Understanding the Clearance source code

Hi seeing as this is a Thoughtbot gem I thought I’d ask here first.

I’m reading through the Clearance gem’s source code (a habit I’m trying to get into to better my coding) and I’m trying to figure out what’s happening in the session management side.

In session.rb we have

def sign_in(user, &block)
      @current_user = user
      status = run_sign_in_stack

      if status.success?
        cookies[remember_token_cookie] = user && user.remember_token
      else
        @current_user = nil
      end

      if block_given?
        block.call(status)
      end
    end

In particular

cookies[remember_token_cookie] = user && user.remember_token

So if successful the cookie is set to the user’s remember token.
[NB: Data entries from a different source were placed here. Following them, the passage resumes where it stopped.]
Lemma card_restr_fixed m (D : {set 'I_m}) :
  #|[set x : inputs m | restr D x == x]| = (2 ^ #|D|)%N.
Proof.
have -> : (2 ^ #|D| = #|'F_2| ^ #|D|)%N by rewrite card_F2.
rewrite -(card_pffun_on 0 D (predT : {pred 'F_2})).
apply: eq_card => x; rewrite inE; apply/eqP/pffun_onP.
  move=> Hx; split => //; apply/subsetP => i; rewrite inE => Hi.
  by apply: contraNT Hi => Hi; rewrite -Hx restrE (negbTE Hi).
move=> [Hs _]; apply/ffunP => i; rewrite restrE; case: ifP => // Hi.
by apply/eqP; apply: contraFT Hi => Hi; apply: (subsetP Hs); rewrite inE eq_sym.
Qed.

Lemma card_restr_fibre m (D : {set 'I_m}) (a : inputs m) : restr D a = a ->
  #|[set x : inputs m | restr D x == a]| = (2 ^ (m - #|D|))%N.
Proof.
move=> Ha.
have -> : (m - #|D| = #|~: D|)%N by have := cardsC D; rewrite card_ord; lia.
rewrite -card_restr_fixed -[LHS](card_imset _ (addIr (- a))); apply: eq_card => w.
apply/imsetP/idP.
  by move=> [x]; rewrite inE => /eqP Hx ->; rewrite inE restrC_idE restrB Hx Ha subrr.
rewrite inE => Hw; exists (w + a); last by rewrite addrK.
by rewrite inE -[a in _ == a]Ha -subr_eq0 -restrB addrK -restrC_idE.
Qed.

Local Notation ln2 := (ln (2 : RR)).

Lemma ln2_gt0 : 0 < ln2.
Proof. by apply: ln_gt0; rewrite ltr1n. Qed.

Lemma log2_le0 (t : RR) : t <= 1 -> log2 t <= 0.
Proof. by move=> Ht; rewrite /log2 pmulr_lle0 ?invr_gt0 ?ln2_gt0 // ln_le0. Qed.

Lemma log2_1 : log2 1 = 0.
Proof. by rewrite /log2 ln1 mul0r. Qed.

Lemma log2_eq0 (t : RR) : 0 < t -> (log2 t == 0) = (t == 1).
Proof. by move=> Ht; rewrite /log2 mulf_eq0 invr_eq0 (gt_eqF ln2_gt0) orbF ln_eq0. Qed.

Lemma log2V (t : RR) : 0 < t -> log2 t^-1 = - log2 t.
Proof. by move=> Ht; rewrite /log2 lnV ?posrE // mulNr. Qed.

Lemma log2_M2X (n : nat) (t : RR) : 0 < t -> log2 (2 ^+ n * t) = n%:R + log2 t.
Proof.
move=> Ht; rewrite /log2 lnM ?posrE ?exprn_gt0 // lnXn // mulrDl.
have H2 := ln2_gt0; rewrite -[_ *+ n]mulr_natr.
by field; rewrite gt_eqF.
Qed.

Lemma log2_2X (n : nat) : log2 (2 ^+ n) = n%:R.
Proof. by rewrite -[2 ^+ n]mulr1 log2_M2X // log2_1 addr0. Qed.

Lemma ln_ge_1_subV (t : RR) : 0 < t -> 1 - t^-1 <= ln t.
Proof.
move=> Ht; have := @le_ln1Dx _ (t^-1 - 1); rewrite (addrC 1) subrK lnV ?posrE //.
have : 0 < t^-1 by rewrite invr_gt0.
lra.
Qed.

(* [ln t >= 1 - 1/t] at [t = 2 s / p]: Gibbs' inequality against the uniform law
   on two atoms. *)
Lemma xlog2_ge (s p : RR) : 0 < s -> 0 < p ->
  - (s * log2 (s / p)) <= s - s / ln2 + p / (2 * ln2).
Proof.
move=> Hs Hp; have Hl2 := ln2_gt0.
have Ht : 0 < 2 * (s / p) by rewrite mulr_gt0 ?divr_gt0.
have := ln_ge_1_subV Ht; rewrite lnM ?posrE ?divr_gt0 // => Hln.
have key : s - p / 2 <= s * (ln2 + ln (s / p)).
  have := ler_wpM2l (ltW Hs) Hln.
  suff -> : s * (1 - (2 * (s / p))^-1) = s - p / 2 by [].
  by field; rewrite !gt_eqF.
rewrite -(ler_pM2r Hl2) /log2.
have -> : - (s * (ln (s / p) / ln2)) * ln2 = - (s * ln (s / p)) by field; rewrite gt_eqF.
have -> : (s - s / ln2 + p / (2 * ln2)) * ln2 = s * ln2 - s + p / 2.
  by field; rewrite gt_eqF.
lra.
Qed.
But then when the request is finished and the rails app returns the result back to the rack middleware stack, clearance’s rack_session sets the cookie again like so

    def call(env)
      session = Clearance::Session.new(env)
      env[:clearance] = session
      response = @app.call(env)
      session.add_cookie_to_headers response[1] # <<- set again here
      response
    end

which is defined as

   def add_cookie_to_headers(headers)
      if cookie_value[:value].present?
        Rack::Utils.set_cookie_header!(
          headers,
          remember_token_cookie,
          cookie_value
        )
      end
    end

Can anyone explain the flow?

2 Likes

Session gets set to Clearance::Session.new, which you can tell sets an instance variable of @cookies to nil. After running the sign in block, we return to the middleware and then set the session cookie to the value needed.

I believe the reason for this is that then other middleware and Rack applications can make use of the value.

2 Likes

This is the part of Clearance I’m least confident about. What I’d probably try to do is remove that line in the controller to see if any tests break. Hopefully they will and I’d be able to trace through what’s going on at that point. If they don’t then I’d have some more work ahead to see if I trust that result and if I could actually remove that and rely on the middleware entirely.

I may find some time to play with tomorrow during investment time to give a better answer.

Thanks Pedro.

The problem is getting assigned twice the users token (not a nill value) in one successful sign in request. Once in session.rb and then again in the middleware.

So I’m wondering why twice, why not just in the middleware?

That’s what I was thinking too so I’m glad you said that.

Thanks @derekprior,

by controller do you mean session.rb?